*Exercise requirements*
Retype exactly the lines below, beginning with the first and ending with the line where "intros y Hy." appears.

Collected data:
◇ ◇ ◇ ◇
Lemma product_open_and {G : Type} (V W : (G -> R) -> Prop) :
  product_open V -> product_open W -> product_open (fun y => V y /\ W y).
Proof.
  intros HV HW x [Vx Wx].
  destruct (HV x Vx) as [g1 [e1 [He1 H1]]]. destruct (HW x Wx) as [g2 [e2 [He2 H2]]].
  exists (g1 ++ g2), (Rmin e1 e2). split; [now apply Rmin_pos|].
  intros y Hy. pose proof (Rmin_l e1 e2). pose proof (Rmin_r e1 e2).
  split; [apply H1|apply H2]; intros g Hg;
    (assert (Rabs (y g - x g) < Rmin e1 e2) by (apply Hy, in_or_app; auto); lra).
Qed.

Lemma product_open_forall_lt {G : Type} (V : nat -> (G -> R) -> Prop) (N : nat) :
  (forall k, product_open (V k)) ->
  product_open (fun y => forall k, (k < N)%nat -> V k y).
Proof.
  intro HV. induction N as [|N IH].
  - intros x _. exists nil, 1. split; [lra|]. intros y _ k Hk. lia.
  - apply product_open_ext with (fun y => (forall k, (k < N)%nat -> V k y) /\ V N y).
    + intro y. split.
      * intros [Hlt HN] k Hk. destruct (Nat.eq_dec k N) as [->|]; [exact HN|].
        apply Hlt. lia.
      * intro H. split; [intros k Hk|]; apply H; lia.
    + now apply product_open_and.
Qed.

(* On a connected space, a continuous real function with values in {0, 1}
   is constant; continuity is only needed for preimages of open intervals. *)
Lemma connected_two_valued_constant {X : Type} (op : (X -> Prop) -> Prop)
    (phi : X -> R) :
  connected_space op ->
  (forall a b, op (fun x => a < phi x < b)) ->
  (forall x, phi x = 0 \/ phi x = 1) ->
  forall x y, phi x = phi y.
Proof.
  intros Hconn Hcont H01.
  assert (Hsplit : (forall x, ~ (/2 < phi x < 2)) \/ (forall x, ~ (-1 < phi x < /2))).
  { apply Hconn; try apply Hcont.
    - intro x. destruct (H01 x) as [E|E]; rewrite E; [right|left]; lra.
    - intros x Hx. lra. }
  intros x y.
  destruct Hsplit as [Hn|Hn]; specialize (Hn x) as Hx; specialize (Hn y) as Hy;
    destruct (H01 x) as [E|E]; destruct (H01 y) as [E'|E']; rewrite ?E, ?E' in *;
    auto; lra.
Qed.

Lemma inv_INR_S_bounds (n : nat) : 0 < / INR (S n) <= 1.
Proof.
  assert (1 <= INR (S n)) by (rewrite S_INR; pose proof (pos_INR n); lra).
  split; [apply Rinv_0_lt_compat; lra|].
  rewrite <- Rinv_1. apply Rinv_le_contravar; lra.
Qed.

Lemma inv_INR_S_small (eps : R) : 0 < eps -> exists N, / INR (S N) < eps.
Proof.
  intro He. destruct (INR_unbounded (/ eps)) as [N HN]. exists N.
  rewrite S_INR. pose proof (Rinv_0_lt_compat _ He).
  replace eps with (/ / eps) by (field; lra).
  apply Rinv_lt_contravar; [apply Rmult_lt_0_compat|]; lra.
Qed.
◇ ◇ ◇ ◇
*Exercise result*
Lemma product_open_and {G : Type} (V W : (G -> R) -> Prop) :
  product_open V -> product_open W -> product_open (fun y => V y /\ W y).
Proof.
  intros HV HW x [Vx Wx].
  destruct (HV x Vx) as [g1 [e1 [He1 H1]]]. destruct (HW x Wx) as [g2 [e2 [He2 H2]]].
  exists (g1 ++ g2), (Rmin e1 e2). split; [now apply Rmin_pos|].
  intros y Hy. pose proof (Rmin_l e1 e2). pose proof (Rmin_r e1 e2).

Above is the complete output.